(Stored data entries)
___

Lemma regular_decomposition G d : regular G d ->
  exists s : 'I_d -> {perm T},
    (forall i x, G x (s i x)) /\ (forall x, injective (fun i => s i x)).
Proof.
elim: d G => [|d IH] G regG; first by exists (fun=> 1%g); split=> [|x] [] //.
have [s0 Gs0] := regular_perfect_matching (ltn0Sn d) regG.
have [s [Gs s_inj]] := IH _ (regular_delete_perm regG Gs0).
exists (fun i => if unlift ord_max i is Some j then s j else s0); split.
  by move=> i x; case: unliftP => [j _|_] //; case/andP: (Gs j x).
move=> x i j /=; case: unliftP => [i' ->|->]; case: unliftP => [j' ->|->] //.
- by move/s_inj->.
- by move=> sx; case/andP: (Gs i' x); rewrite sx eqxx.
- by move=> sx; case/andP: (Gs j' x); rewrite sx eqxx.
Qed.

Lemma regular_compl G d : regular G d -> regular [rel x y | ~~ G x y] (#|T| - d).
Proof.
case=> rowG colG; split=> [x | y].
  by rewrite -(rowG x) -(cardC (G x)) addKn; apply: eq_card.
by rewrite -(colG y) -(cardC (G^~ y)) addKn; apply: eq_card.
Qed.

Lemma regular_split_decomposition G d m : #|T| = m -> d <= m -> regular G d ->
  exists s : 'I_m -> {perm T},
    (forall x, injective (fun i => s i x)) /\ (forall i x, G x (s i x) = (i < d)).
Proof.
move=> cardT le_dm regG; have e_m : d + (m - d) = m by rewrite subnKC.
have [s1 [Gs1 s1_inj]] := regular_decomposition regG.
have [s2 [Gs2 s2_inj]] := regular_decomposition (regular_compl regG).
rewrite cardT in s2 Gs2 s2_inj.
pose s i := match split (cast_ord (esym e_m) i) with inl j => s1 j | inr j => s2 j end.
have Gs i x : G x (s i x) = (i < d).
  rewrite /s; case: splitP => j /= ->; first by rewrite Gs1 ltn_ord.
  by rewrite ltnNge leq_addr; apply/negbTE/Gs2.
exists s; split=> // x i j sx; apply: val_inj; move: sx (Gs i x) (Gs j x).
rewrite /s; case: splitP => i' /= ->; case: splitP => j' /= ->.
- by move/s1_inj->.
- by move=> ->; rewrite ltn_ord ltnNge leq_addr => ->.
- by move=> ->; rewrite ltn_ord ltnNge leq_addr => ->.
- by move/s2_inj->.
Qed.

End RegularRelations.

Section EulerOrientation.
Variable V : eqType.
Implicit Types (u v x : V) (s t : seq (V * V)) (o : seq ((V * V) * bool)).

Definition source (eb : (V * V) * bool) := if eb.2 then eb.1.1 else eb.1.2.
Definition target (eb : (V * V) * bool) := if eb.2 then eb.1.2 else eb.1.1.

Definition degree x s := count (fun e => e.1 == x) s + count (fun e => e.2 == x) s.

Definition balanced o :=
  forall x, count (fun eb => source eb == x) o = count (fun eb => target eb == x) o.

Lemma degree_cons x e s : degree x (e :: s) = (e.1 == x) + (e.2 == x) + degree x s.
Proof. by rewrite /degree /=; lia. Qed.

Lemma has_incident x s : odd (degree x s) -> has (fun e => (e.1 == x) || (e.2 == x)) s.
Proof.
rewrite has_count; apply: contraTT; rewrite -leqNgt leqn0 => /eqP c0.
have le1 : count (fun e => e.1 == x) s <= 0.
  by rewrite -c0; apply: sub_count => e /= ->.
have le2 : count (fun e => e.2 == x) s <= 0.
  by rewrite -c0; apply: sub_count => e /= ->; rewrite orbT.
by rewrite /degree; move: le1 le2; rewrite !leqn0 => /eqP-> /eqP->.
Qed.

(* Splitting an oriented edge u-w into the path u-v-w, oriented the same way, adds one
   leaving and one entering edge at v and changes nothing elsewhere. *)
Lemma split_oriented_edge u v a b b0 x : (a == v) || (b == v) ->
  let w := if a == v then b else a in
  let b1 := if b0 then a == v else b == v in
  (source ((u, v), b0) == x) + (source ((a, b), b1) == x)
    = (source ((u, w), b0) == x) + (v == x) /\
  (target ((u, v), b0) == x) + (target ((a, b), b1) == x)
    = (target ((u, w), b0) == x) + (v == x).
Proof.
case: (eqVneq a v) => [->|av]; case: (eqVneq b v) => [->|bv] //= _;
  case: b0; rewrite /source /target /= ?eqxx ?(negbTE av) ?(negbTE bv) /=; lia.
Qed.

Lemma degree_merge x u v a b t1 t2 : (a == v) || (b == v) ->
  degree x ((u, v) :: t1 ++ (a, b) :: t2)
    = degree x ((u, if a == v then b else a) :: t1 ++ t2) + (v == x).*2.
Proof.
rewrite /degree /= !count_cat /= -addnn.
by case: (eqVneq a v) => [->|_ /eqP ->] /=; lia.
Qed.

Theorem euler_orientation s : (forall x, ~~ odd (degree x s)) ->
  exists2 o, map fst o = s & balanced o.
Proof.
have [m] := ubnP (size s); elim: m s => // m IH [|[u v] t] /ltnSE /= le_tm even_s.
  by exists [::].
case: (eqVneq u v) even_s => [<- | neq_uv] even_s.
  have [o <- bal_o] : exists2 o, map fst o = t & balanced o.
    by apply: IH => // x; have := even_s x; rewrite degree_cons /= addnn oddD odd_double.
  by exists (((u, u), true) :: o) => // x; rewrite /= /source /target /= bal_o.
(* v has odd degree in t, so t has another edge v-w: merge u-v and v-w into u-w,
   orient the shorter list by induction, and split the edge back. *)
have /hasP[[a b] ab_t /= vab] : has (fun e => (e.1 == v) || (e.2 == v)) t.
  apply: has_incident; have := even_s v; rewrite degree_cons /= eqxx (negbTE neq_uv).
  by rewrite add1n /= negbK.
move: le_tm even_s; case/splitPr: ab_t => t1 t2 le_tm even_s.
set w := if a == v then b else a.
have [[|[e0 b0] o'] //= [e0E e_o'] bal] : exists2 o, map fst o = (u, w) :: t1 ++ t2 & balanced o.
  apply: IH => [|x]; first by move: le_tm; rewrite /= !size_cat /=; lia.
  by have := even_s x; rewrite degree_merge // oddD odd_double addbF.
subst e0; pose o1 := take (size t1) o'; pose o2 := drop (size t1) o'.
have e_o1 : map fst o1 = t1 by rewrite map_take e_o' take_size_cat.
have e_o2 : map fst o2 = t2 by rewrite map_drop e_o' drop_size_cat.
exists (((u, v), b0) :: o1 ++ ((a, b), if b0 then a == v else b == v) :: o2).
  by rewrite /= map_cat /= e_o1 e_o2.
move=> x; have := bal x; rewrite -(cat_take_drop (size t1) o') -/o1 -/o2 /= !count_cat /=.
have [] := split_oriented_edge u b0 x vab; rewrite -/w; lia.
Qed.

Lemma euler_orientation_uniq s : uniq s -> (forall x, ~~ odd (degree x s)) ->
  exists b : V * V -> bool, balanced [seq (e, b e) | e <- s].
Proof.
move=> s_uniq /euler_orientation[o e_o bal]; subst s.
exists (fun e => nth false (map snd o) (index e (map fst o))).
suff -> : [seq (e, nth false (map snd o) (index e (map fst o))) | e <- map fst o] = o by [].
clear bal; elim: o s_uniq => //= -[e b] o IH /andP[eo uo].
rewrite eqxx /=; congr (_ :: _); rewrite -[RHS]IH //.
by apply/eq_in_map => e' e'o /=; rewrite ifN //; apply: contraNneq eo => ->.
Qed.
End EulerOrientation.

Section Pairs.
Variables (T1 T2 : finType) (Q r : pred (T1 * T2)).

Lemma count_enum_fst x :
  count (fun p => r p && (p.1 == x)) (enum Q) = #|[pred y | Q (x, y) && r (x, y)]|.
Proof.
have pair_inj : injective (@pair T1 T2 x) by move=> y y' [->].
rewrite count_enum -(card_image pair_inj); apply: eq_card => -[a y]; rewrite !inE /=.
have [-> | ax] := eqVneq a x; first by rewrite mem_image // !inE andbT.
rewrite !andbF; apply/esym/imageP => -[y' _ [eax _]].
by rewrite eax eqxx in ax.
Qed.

___

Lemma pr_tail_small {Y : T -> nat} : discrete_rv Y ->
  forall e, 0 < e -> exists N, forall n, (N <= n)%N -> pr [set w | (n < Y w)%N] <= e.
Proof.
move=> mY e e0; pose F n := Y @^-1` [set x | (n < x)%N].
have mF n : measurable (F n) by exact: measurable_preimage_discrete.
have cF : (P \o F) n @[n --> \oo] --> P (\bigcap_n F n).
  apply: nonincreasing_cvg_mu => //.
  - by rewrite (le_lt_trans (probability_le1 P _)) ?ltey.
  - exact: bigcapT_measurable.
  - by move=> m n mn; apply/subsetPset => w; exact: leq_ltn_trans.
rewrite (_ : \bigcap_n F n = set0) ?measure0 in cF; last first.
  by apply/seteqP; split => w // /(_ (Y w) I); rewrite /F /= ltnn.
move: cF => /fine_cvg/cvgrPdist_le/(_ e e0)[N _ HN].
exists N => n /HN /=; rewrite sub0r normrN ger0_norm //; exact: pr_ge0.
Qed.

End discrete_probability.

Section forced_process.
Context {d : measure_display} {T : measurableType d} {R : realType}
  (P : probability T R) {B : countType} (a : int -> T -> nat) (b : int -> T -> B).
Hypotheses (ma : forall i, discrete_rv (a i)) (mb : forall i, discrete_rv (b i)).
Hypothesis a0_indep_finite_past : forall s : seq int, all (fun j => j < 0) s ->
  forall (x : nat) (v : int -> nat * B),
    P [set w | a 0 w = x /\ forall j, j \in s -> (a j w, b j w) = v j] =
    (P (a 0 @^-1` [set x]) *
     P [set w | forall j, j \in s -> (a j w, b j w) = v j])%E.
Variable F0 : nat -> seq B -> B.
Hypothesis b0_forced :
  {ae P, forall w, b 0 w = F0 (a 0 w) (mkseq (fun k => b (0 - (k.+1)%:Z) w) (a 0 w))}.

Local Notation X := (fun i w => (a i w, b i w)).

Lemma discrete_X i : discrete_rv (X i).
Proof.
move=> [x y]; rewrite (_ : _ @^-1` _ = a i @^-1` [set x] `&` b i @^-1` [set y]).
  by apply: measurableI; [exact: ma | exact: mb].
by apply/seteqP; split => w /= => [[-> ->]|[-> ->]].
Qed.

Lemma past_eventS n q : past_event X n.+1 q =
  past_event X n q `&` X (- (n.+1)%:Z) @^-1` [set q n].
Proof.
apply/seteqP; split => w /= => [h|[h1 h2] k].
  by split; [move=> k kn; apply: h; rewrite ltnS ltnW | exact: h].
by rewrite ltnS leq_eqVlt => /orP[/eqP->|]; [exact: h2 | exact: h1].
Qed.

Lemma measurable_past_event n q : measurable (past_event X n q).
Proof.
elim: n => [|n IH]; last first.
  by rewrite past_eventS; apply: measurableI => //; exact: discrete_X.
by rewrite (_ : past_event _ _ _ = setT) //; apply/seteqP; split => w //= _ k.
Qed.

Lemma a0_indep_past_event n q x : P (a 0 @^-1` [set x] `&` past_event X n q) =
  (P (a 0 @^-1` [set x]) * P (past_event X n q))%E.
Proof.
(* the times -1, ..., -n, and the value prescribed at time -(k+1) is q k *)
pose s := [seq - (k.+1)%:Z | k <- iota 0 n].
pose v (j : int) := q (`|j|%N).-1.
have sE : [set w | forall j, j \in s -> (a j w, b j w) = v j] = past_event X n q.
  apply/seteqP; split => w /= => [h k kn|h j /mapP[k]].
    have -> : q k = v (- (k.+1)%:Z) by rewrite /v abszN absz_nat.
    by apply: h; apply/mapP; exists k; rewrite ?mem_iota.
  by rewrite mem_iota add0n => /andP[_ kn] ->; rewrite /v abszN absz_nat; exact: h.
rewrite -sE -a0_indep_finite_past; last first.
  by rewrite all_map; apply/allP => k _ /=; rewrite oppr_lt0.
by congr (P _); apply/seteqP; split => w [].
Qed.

___

WHAT TO PRODUCE
Which lines above run from the one containing "Section EulerOrientation." down to the one containing "Definition target (eb"? Repeat exactly those, both ends included, and nothing else.

ANSWER SPACE
Section EulerOrientation.
Variable V : eqType.
Implicit Types (u v x : V) (s t : seq (V * V)) (o : seq ((V * V) * bool)).

Definition source (eb : (V * V) * bool) := if eb.2 then eb.1.1 else eb.1.2.
Definition target (eb : (V * V) * bool) := if eb.2 then eb.1.2 else eb.1.1.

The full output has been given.